Could you give the number of lines in the entries below that contain the word "supN"? Only the number is wanted.

> _Collected data entries_:
· · ·

Lemma content_overlaps_not_vanishing (C : nat -> set T) a :
  (forall i, B (C i)) -> 0 < a -> (forall i, a <= mu (C i)) ->
  ~ (forall k eta, 0 < eta -> exists I, forall i, (I <= i)%N -> mu (C i `&` C k) < eta).
Proof.
move=> BC a_gt0 Ca overlaps.
have uniform n eta : 0 < eta ->
    exists I, forall i, (I <= i)%N -> forall k, (k < n)%N -> mu (C i `&` C k) < eta.
  move=> eta_gt0; elim: n => [|n [I1 h1]]; first by exists 0%N.
  have [I2 h2] := overlaps n eta eta_gt0.
  exists (maxn I1 I2) => i /[!geq_max] /andP[iI1 iI2] k; rewrite ltnS leq_eqVlt.
  by case/orP => [/eqP -> | ]; [exact: h2 | exact: h1].
(* Once mu (U N) is within a/2 of sup_n mu (U n), every C i has content less
   than a/2 outside U N, and the late ones also less than a/2 inside U N. *)
pose U n := \big[setU/set0]_(k < n) C k.
have BUn n : B (U n) by rewrite /U; elim/big_ind: _ => // *; exact: B_setU.
have supE : has_sup (range (mu \o U)).
  split; first by exists (mu (U 0%N)), 0%N.
  by exists (mu setT) => _ [n _ <-]; apply: content_le.
have [_ [N _ <-] supN] := sup_adherent (divr_gt0 a_gt0 (ltr0n R 2)) supE.
have outside i : mu (C i `\` U N) < a / 2.
  have UNCi : U N `|` C i `<=` U (maxn N i.+1).
    rewrite subUset; split; first exact/subset_bigsetU/leq_maxl.
    exact/bigsetU_sup/leq_maxr.
  have := content_le (B_setU (BUn N) (BC i)) (BUn _) UNCi.
  rewrite (content_setID (B_setU (BUn N) (BC i)) (BUn N)) setUK setDUl setDv set0U.
  move/le_trans/(_ (sup_upper_bound supE (ex_intro2 _ _ (maxn N i.+1) I erefl))).
  by move: supN => /=; lra.
pose eta := a / 2 / N.+1%:R.
have eta_gt0 : 0 < eta by rewrite !divr_gt0.
have [i0 hi0] := uniform N eta eta_gt0.
have sum_eta : \sum_(k < N) eta <= a / 2.
  rewrite sumr_const card_ord -[eta *+ N]mulr_natr /eta mulrAC ler_pdivrMr ?ltr0n //.
  by rewrite ler_pM2l ?ler_nat // divr_gt0.
have inside : mu (C i0 `&` U N) <= a / 2.
  rewrite /U big_distrr /=.
  apply: le_trans (content_bigsetU_le N _ (fun k => B_setI (BC i0) (BC k))) _.
  by apply: le_trans sum_eta; apply: ler_sum => k _; apply/ltW/hi0.
by have := Ca i0; rewrite (content_setID (BC i0) (BUn N)); have := outside i0; lra.
Qed.

End Content.

Section Subsequences.
Context {T : Type}.

Definition finite_fibers (C : nat -> T) :=
  forall X, exists N, forall i, (N <= i)%N -> C i <> X.

Lemma injective_finite_fibers {C : nat -> T} : injective C -> finite_fibers C.
Proof.
move=> injC X; have [[i0 <-]|notC] := pselect (exists i, C i = X).
  by exists i0.+1 => i /[swap] /injC ->; rewrite ltnn.
by exists 0%N => i _ CiX; apply: notC; exists i.
Qed.

Lemma repeated_value_or_finite_fibers (C : nat -> T) :
  (exists X, infinitely_often (fun i => C i = X)) \/ finite_fibers C.
Proof.
have [|norep] := pselect (exists X, infinitely_often (fun i => C i = X)); first by left.
right => X; apply: contrapT => noN; apply: norep; exists X => N.
by apply: contrapT => noi; apply: noN; exists N => i Ni CiX; apply: noi; exists i.
Qed.

Lemma incr_geq_id (psi : nat -> nat) : {homo psi : n m / (n < m)%N} ->
  forall n, (n <= psi n)%N.
Proof. by move=> incr; elim=> // n IHn; exact: leq_ltn_trans IHn (incr _ _ (ltnSn n)). Qed.

Lemma addn_incr N : {homo addn^~ N : n m / (n < m)%N}.
Proof. by move=> n m; rewrite ltn_add2r. Qed.

Lemma infinitely_often_subseq {P : nat -> Prop} : infinitely_often P ->
  exists psi : nat -> nat, {homo psi : n m / (n < m)%N} /\ forall n, P (psi n).
Proof.
move=> ioP; have /choice[next nextP] : forall N, exists i, (N <= i)%N /\ P i := ioP.
pose psi n := iter n (fun m => next m.+1) (next 0%N).
exists psi; split; last by case=> [|n]; [case: (nextP 0%N) | case: (nextP (psi n).+1)].
by apply: homo_ltn => [? ? ?|n]; [exact: ltn_trans | case: (nextP (psi n).+1)].
Qed.

Context {psi : nat -> nat}.
Hypothesis psi_incr : {homo psi : n m / (n < m)%N}.

Lemma infinitely_often_comp {P : nat -> Prop} :
  infinitely_often (P \o psi) -> infinitely_often P.
Proof.
move=> ioP N; have [n [Nn Pn]] := ioP N.
by exists (psi n); split=> //; rewrite (leq_trans Nn) ?incr_geq_id.
Qed.
(* Let $R$ be a ring, $S$ an almost left Ore set of $R$, $\mathfrak{a}=\mathrm{ass}_R(S)$, and $\mathfrak{a}_r$ the ideal of $R$ generated by $\mathrm{ass}_r(S)=\{r\in R:rs=0\text{ for some }s\in S\}$. Then \begin{enumerate} \item $S_r:=(S+\mathfrak{a}_r)/\mathfrak{a}_r$ is a left Ore set of $R/\mathfrak{a}_r$. \item The following are equivalent: $S$ is left localizable in $R$; $S_r$ is left localizable in $R/\mathfrak{a}_r$; ${}'\mathfrak{a}(S_r)\neq R/\mathfrak{a}_r$; ${}'\mathfrak{a}(S)\ne R$. \item Suppose ${}'\mathfrak{a}:={}'\mathfrak{a}(S)\neq R$. Let ${}'\pi:R\to{}'R=R/{}'\mathfrak{a}$, $r\mapsto{}'r=r+{}'\mathfrak{a}$, and ${}'S={}'\pi(S)$. Then \begin{enumerate} \item ${}'S$ is a left denominator set of ${}'R$ contained in ${}'\mathcal{C}_{{}'R}$; \item $\mathfrak{a}={}'\pi^{-1}(\mathrm{ass}_l({}'S))$; \item $R\langle S^{-1}\rangle\simeq{}'S^{-1}\,{}'R$, an $R$-isomorphism. \end{enumerate} \end{enumerate}
   Context: Rings are associative with $1$. Multiplicative set: $SS\subseteq S$, $1\in S$, $0\notin S$. Almost left Ore set: for all $s\in S,r\in R$ there are $s_1,s_2\in S$, $r_1\in R$ with $(s_1r-r_1s)s_2=0$. Left Ore set: $Sr\cap Rs\ne\emptyset$ for all $r\in R,s\in S$; left denominator set: left Ore and $rs=0$ ($s\in S$) implies $tr=0$ for some $t\in S$; $T^{-1}A$ is the left Ore localization; $\mathrm{ass}_l(T)=\{a:ta=0\text{ for some }t\in T\}$. For a multiplicative set $T$ of a ring $A$: $A\langle T^{-1}\rangle=A\langle X_T\rangle/I_T$ ($A\langle X_T\rangle$ freely generated by $A$ and noncommuting $x_t$, $I_T$ generated by $tx_t-1,x_tt-1$); $\mathrm{ass}_A(T)=\ker(A\to A\langle T^{-1}\rangle)$; $T$ is left localizable if $A\langle T^{-1}\rangle\neq0$ and every element has the form $(x_t+I_T)(a+I_T)$. ${}'\mathcal{C}_A=\{a\in A: xa=0\Rightarrow x=0\}$, and ${}'\mathfrak{a}(T)$ is the least ideal $\mathfrak{b}$ of $A$ such that the image of $T$ in $A/\mathfrak{b}$ lies in ${}'\mathcal{C}_{A/\mathfrak{b}}$ (it exists). *)

From HB Require Import structures.
From mathcomp Require Import all_boot all_algebra.
From mathcomp Require Import generic_quotient.
From mathcomp Require Import boolp.

Set Implicit Arguments.
Unset Strict Implicit.
Unset Printing Implicit Defensive.

Import GRing.Theory.
Local Open Scope ring_scope.
Local Open Scope quotient_scope.

(* Rings are associative with 1; we use pzRingType so that the zero ring
   (e.g. a quotient R/R, or a universal localization equal to 0) is allowed. *)

Definition is_ideal (A : pzRingType) (I : A -> Prop) : Prop :=
  [/\ I 0, (forall x y, I x -> I y -> I (x - y)),
      (forall r x, I x -> I (r * x)) & (forall r x, I x -> I (x * r))].

Record ideal (A : pzRingType) := Ideal {
  ideal_mem :> A -> Prop;
  idealP : is_ideal ideal_mem }.

Definition gen_ideal (A : pzRingType) (X : A -> Prop) : A -> Prop :=
  fun a => forall J : A -> Prop, is_ideal J -> (forall x, X x -> J x) -> J a.

Lemma gen_ideal_is_ideal (A : pzRingType) (X : A -> Prop) :
  is_ideal (gen_ideal X).
Proof.
split.
- by move=> J [] *.
- by move=> x y Hx Hy J HJ HX; case: (HJ) => _ HSub _ _; apply: (HSub); [apply: Hx|apply: Hy].
- by move=> r x Hx J HJ HX; case: (HJ) => _ _ HL _; apply: (HL); apply: Hx.
- by move=> r x Hx J HJ HX; case: (HJ) => _ _ _ HR; apply: (HR); apply: Hx.
Qed.

Definition gen_ideal_ideal (A : pzRingType) (X : A -> Prop) : ideal A :=
  Ideal (gen_ideal_is_ideal X).

Section Quotient.
Variables (A : pzRingType) (I : ideal A).

Definition qrel (x y : A) : bool := `[< I (x - y) >].

Lemma qrel_refl : reflexive qrel.
Proof. by move=> x; apply/asboolP; rewrite subrr; case: (idealP I). Qed.

Lemma qrel_sym : symmetric qrel.
Proof.
move=> x y; apply/asboolP/asboolP => H; case: (idealP I) => H0 HSub _ _;
  by have := HSub _ _ H0 H; rewrite sub0r opprB.
Qed.

Lemma qrel_trans : transitive qrel.
Proof.
move=> y x z /asboolP Hxy /asboolP Hyz; apply/asboolP.
case: (idealP I) => H0 HSub _ _.
have := HSub _ _ Hxy (HSub _ _ H0 Hyz).
by rewrite sub0r opprB opprB addrA subrK.
Qed.

Canonical qrel_equiv := EquivRel qrel qrel_refl qrel_sym qrel_trans.

Definition quot := {eq_quot qrel_equiv}.
HB.instance Definition _ := Choice.on quot.

Definition qpi (a : A) : quot := \pi_quot a.

Lemma qpiP (x y : A) : qpi x = qpi y <-> I (x - y).
Proof.
split=> [/eqquotP/asboolP //|H]; apply/eqquotP; exact/asboolP.
Qed.

Lemma qpi_repr (q : quot) : qpi (repr q) = q.
Proof. exact: reprK. Qed.

Lemma qpi_ind (P : quot -> Prop) : (forall a, P (qpi a)) -> forall q, P q.
Proof. by move=> H q; rewrite -(qpi_repr q); apply: H. Qed.

Definition qzero : quot := qpi 0.
Definition qopp (q : quot) : quot := qpi (- repr q).
Definition qadd (p q : quot) : quot := qpi (repr p + repr q).
Definition qone : quot := qpi 1.
Definition qmul (p q : quot) : quot := qpi (repr p * repr q).

Lemma reprP (a : A) : I (repr (qpi a) - a).
Proof. by apply/qpiP; rewrite qpi_repr. Qed.

Lemma qoppE a : qopp (qpi a) = qpi (- a).
Proof.
apply/qpiP; have := reprP a; case: (idealP I) => H0 HSub _ _ H.
by rewrite opprK addrC; have := HSub _ _ H0 H; rewrite sub0r opprB.
Qed.

Lemma qaddE a b : qadd (qpi a) (qpi b) = qpi (a + b).
Proof.
apply/qpiP; have Ha := reprP a; have Hb := reprP b.
case: (idealP I) => H0 HSub _ _.
have E : repr (qpi a) + repr (qpi b) - (a + b) =
  (repr (qpi a) - a) - (0 - (repr (qpi b) - b)).
  by rewrite sub0r opprK opprD addrACA.
by rewrite E; apply: (HSub) => //; apply: (HSub).
Qed.

Lemma qmulE a b : qmul (qpi a) (qpi b) = qpi (a * b).
Proof.
apply/qpiP; have Ha := reprP a; have Hb := reprP b.
case: (idealP I) => H0 HSub HL HR.
have E : repr (qpi a) * repr (qpi b) - a * b =
  (repr (qpi a) - a) * repr (qpi b) - (- (a * (repr (qpi b) - b))).
  by rewrite mulrBl mulrBr opprK addrA subrK.
by rewrite E; apply: (HSub); [apply: (HR)|rewrite -sub0r; apply: (HSub) => //; apply: (HL)].
Qed.

Lemma q_addrA : associative qadd.
Proof.
by elim/qpi_ind=> x; elim/qpi_ind=> y; elim/qpi_ind=> z; rewrite !qaddE addrA.
Qed.
Lemma q_addrC : commutative qadd.
Proof. by elim/qpi_ind=> x; elim/qpi_ind=> y; rewrite !qaddE addrC. Qed.
Lemma q_add0r : left_id qzero qadd.
Proof. by elim/qpi_ind=> x; rewrite /qzero qaddE add0r. Qed.
Lemma q_addNr : left_inverse qzero qopp qadd.
Proof. by elim/qpi_ind=> x; rewrite qoppE qaddE addNr. Qed.
Lemma q_mulrA : associative qmul.
Proof.
by elim/qpi_ind=> x; elim/qpi_ind=> y; elim/qpi_ind=> z; rewrite !qmulE mulrA.
Qed.
Lemma q_mul1r : left_id qone qmul.
Proof. by elim/qpi_ind=> x; rewrite /qone qmulE mul1r. Qed.
Lemma q_mulr1 : right_id qone qmul.
Proof. by elim/qpi_ind=> x; rewrite /qone qmulE mulr1. Qed.
Lemma q_mulrDl : left_distributive qmul qadd.
Proof.
by elim/qpi_ind=> x; elim/qpi_ind=> y; elim/qpi_ind=> z;
  rewrite !(qaddE, qmulE) mulrDl.
Qed.
Lemma q_mulrDr : right_distributive qmul qadd.
Proof.
by elim/qpi_ind=> x; elim/qpi_ind=> y; elim/qpi_ind=> z;
  rewrite !(qaddE, qmulE) mulrDr.
Qed.

HB.instance Definition _ := GRing.isPzRing.Build quot
  q_addrA q_addrC q_add0r q_addNr q_mulrA q_mul1r q_mulr1 q_mulrDl q_mulrDr.

Lemma qpi_is_nmod_morphism : nmod_morphism qpi.
Proof. by rewrite /nmod_morphism; split=> // x y; exact: (esym (qaddE x y)). Qed.

Lemma qpi_is_monoid_morphism : monoid_morphism qpi.
Proof. by rewrite /monoid_morphism; split=> // x y; exact: (esym (qmulE x y)). Qed.

HB.instance Definition _ := GRing.isNmodMorphism.Build A quot qpi
  qpi_is_nmod_morphism.
HB.instance Definition _ := GRing.isMonoidMorphism.Build A quot qpi
  qpi_is_monoid_morphism.

End Quotient.

Section Sets.
Variable A : pzRingType.
Implicit Types (S T : A -> Prop).

Definition mult_set S : Prop :=
  [/\ (forall s t, S s -> S t -> S (s * t)), S 1 & ~ S 0].

Definition almost_left_ore S : Prop :=
  forall s r, S s -> exists s1 s2 r1,
    [/\ S s1, S s2 & (s1 * r - r1 * s) * s2 = 0].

· · ·

> _Answer box_:
2